■ Records to process ■
Section Blocks.
Variables (n m : nat) (root : 'I_m -> 'rV[int]_n) (coroot : 'I_m -> 'cV[int]_n)
  (f : 'cV[int]_n) (A : zmodType).
Hypothesis RD : root_datum root coroot.
Hypothesis GF : generic root f.
Local Notation s := (refl_mx root coroot).
Local Notation inW := (inW root coroot).
Local Notation PhiL L := (inPhiL coroot L).
Local Notation block L := (block root coroot L).
Local Notation transports := (transports root coroot).
Local Notation keeps_positive := (keeps_positive root coroot f).
Local Notation refls_in := (refls_in root coroot).
Implicit Types (L : {additive 'cV[int]_n -> A}) (a b g w x : 'M[int]_n).

Lemma refl_closed_PhiL L : refl_closed root coroot (PhiL L).
Proof.
move=> i j Li Lj; rewrite /inPhiL coroot_refl_root // raddfB.
have -> : pairing (root i) (coroot j) *: coroot i = coroot i *~ pairing (root i) (coroot j).
  by rewrite -scaler_int intz.
by rewrite raddfMz Li Lj mul0rz subr0.
Qed.

Lemma maps_transports (L L' : 'cV[int]_n -> A) b :
  maps root coroot b L L' -> transports b (PhiL L) (PhiL L').
Proof. by move=> [Wb bL] j k [_ ck]; rewrite /inPhiL -bL /act -ck mulKmx ?(inW_unitmx RD). Qed.

Lemma block_inW (L : 'cV[int]_n -> A) b w : inW b -> block L b w -> inW w.
Proof. by move=> Wb [x [Gx ->]]; apply: gen_byM Wb (gen_refls_in_inW (Q := PhiL L) Gx). Qed.

Lemma block_transports L L' b w :
  maps root coroot b L L' -> block L b w -> transports w (PhiL L) (PhiL L').
Proof.
move=> bLL' Bw j k wjk; have [Wb _] := bLL'; have [x [Gx ew]] := Bw.
have [k0 xjk0] := sends_root_ex RD (@refl_gens_refls_in _ _ root coroot (PhiL L)) Gx j.
have [k1 bk0k1] := inW_sends_root RD Wb k0.
have -> : k = k1.
  apply: (sends_root_uniq RD (inW_unitmx RD (block_inW Wb Bw)) wjk).
  by rewrite ew; apply: sends_rootM xjk0 bk0k1.
exact: (iff_trans (gen_refls_in_stable RD (refl_closed_PhiL (L := L)) Gx xjk0)
  (maps_transports bLL' bk0k1)).
Qed.

Lemma block_coset (L : 'cV[int]_n -> A) b w w' : inW b -> block L b w -> block L b w' ->
  gen_by (refls_in (PhiL L)) (invmx w *m w').
Proof.
move=> Wb [x [Gx ->]] [x' [Gx' ->]].
have ux : x \in unitmx by apply/(inW_unitmx RD)/(gen_refls_in_inW Gx).
rewrite invmxM ?ux ?(inW_unitmx RD) // -mulmxA (mulmxA (invmx b)) mulVmx ?(inW_unitmx RD) // mul1mx.
exact/gen_byM/Gx'/(gen_by_inv (refl_gens_invol RD (@refl_gens_refls_in _ _ root coroot _)) Gx).
Qed.

(* Otherwise [wm s_c] lies in the block and below [wm] in the Bruhat order. *)
Lemma min_block_keeps_positive (L : 'cV[int]_n -> A) b wm : inW b ->
  min_in root coroot f (block L b) wm -> keeps_positive (PhiL L) wm.
Proof.
move=> Wb [Bw min_wm] c k Lc pc wck; apply: NNPP => npk.
have Wwm := block_inW Wb Bw.
have Bv : block L b (wm *m s c).
  have [x [Gx ->]] := Bw; exists (x *m s c); rewrite mulmxA; split=> //.
  by apply: gen_byM Gx (gen_by_gen _); exists c.
have lt := len_lt_mul_refl_neg RD GF (refl_closedT root coroot)
  (inW_gen_simple RD GF Wwm) I pc wck npk.
have /(can_inj (mulKmx (inW_unitmx RD Wwm))) : wm *m s c = wm *m 1%:M.
  rewrite mulmx1; apply: min_wm Bv (rt_step _ _ _ _ _); exists (s c).
  by rewrite -mulmxA refl_mx_invol // mulmx1; split=> //; apply: cox_refl_refl_mx.
move/(congr1 (mulmx^~ (coroot c))); rewrite mul1mx (refl_mul_coroot RD).
move/(congr1 (pairing (root c))); rewrite -/(neg_root root coroot c) (coroot_neg RD).
by rewrite pairingNr (pairing_root_coroot RD).
Qed.

Lemma block_prod_coset L1 L2 a g v1 v2 w1 w2 :
  maps root coroot a L1 L2 -> inW g -> block L2 g v1 -> block L2 g v2 ->
  block L1 a w1 -> block L1 a w2 ->
  gen_by (refls_in (PhiL L1)) (invmx (v1 *m w1) *m (v2 *m w2)).
Proof.
move=> aL1L2 Wg Bv1 Bv2 Bw1 Bw2; have [Wa _] := aL1L2.
have uw1 := inW_unitmx RD (block_inW Wa Bw1).
rewrite invmxM ?(inW_unitmx RD (block_inW Wg Bv1)) //.
rewrite (_ : invmx w1 *m invmx v1 *m (v2 *m w2) =
   (invmx w1 *m (invmx v1 *m v2) *m w1) *m (invmx w1 *m w2)); last first.
  by rewrite !mulmxA (mulmxK uw1).
apply: gen_byM; last exact: block_coset Bw1 Bw2.
apply: (gen_refls_in_conjV RD (block_inW Wa Bw1) (block_transports aL1L2 Bw1)).
exact: block_coset Bv1 Bv2.
Qed.

Lemma min_block_prod L1 L2 L3 a g wa wg wm :
  maps root coroot a L1 L2 -> maps root coroot g L2 L3 ->
  min_in root coroot f (block L1 a) wa -> min_in root coroot f (block L2 g) wg ->
  min_in root coroot f (block_prod (block L2 g) (block L1 a)) wm -> wm = wg *m wa.
Proof.
move=> aL1L2 [Wg _] Ma Mg Mm; have [Wa _] := aL1L2.
have [Bwa _] := Ma; have [Bwg _] := Mg.
have Wwa := block_inW Wa Bwa; have Wwg := block_inW Wg Bwg.
apply: (min_in_keeps_positive RD GF (refl_closed_PhiL (L := L1)) _ _ _ _ Mm).
- by exists wg, wa.
- apply: (keeps_positiveM RD Wwa (block_transports aL1L2 Bwa) _ Wwg).
    exact: min_block_keeps_positive Wa Ma.
  exact: min_block_keeps_positive Wg Mg.
- exact: gen_byM.
move=> v [v1 [v2 [Bv1 [Bv2 ->]]]]; exists (invmx (wg *m wa) *m (v1 *m v2)).
  exact: block_prod_coset aL1L2 Wg Bwg Bv1 Bwa Bv2.
by rewrite mulKVmx // (inW_unitmx RD) //; apply: gen_byM.
Qed.

End Blocks.

Section BlockIsomorphisms.
Variables (n m : nat) (root : 'I_m -> 'rV[int]_n) (coroot : 'I_m -> 'cV[int]_n)
  (f : 'cV[int]_n) (A : zmodType).
Hypothesis RD : root_datum root coroot.
Hypothesis GF : generic root f.
Local Notation inW := (inW root coroot).
Local Notation PhiL L := (inPhiL coroot L).
Local Notation block L := (block root coroot L).
Local Notation le_block := (le_block root coroot f).
Local Notation min_in := (min_in root coroot f).
Local Notation simple_refls := (simple_refls root coroot f).
Implicit Types (L : {additive 'cV[int]_n -> A}) (b c d u w x : 'M[int]_n).

Lemma le_block_lmul (L : 'cV[int]_n -> A) u wm w' w : u \in unitmx ->
  le_block L wm w' w <-> le_block L (u *m wm) (u *m w') (u *m w).
Proof.
move=> uu; split=> [[x [x' [Gx [Gx' [-> [-> br]]]]]] | [x [x' [Gx [Gx' [e [e' br]]]]]]].
  by exists x, x'; rewrite !mulmxA.
rewrite -!mulmxA in e e'; exists x, x'; do !split=> //.
  exact: (can_inj (mulKmx uu)).
exact: (can_inj (mulKmx uu)).
Qed.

■ Exercise ■
Could you retype exactly the lines above, starting at the line that contains "move=> Wb [Bw" and ending at the line that contains "(inW_gen_simple RD GF Wwm) I pc wck npk.", and nothing more?

■ Task solution ■
move=> Wb [Bw min_wm] c k Lc pc wck; apply: NNPP => npk.
have Wwm := block_inW Wb Bw.
have Bv : block L b (wm *m s c).
  have [x [Gx ->]] := Bw; exists (x *m s c); rewrite mulmxA; split=> //.
  by apply: gen_byM Gx (gen_by_gen _); exists c.
have lt := len_lt_mul_refl_neg RD GF (refl_closedT root coroot)
  (inW_gen_simple RD GF Wwm) I pc wck npk.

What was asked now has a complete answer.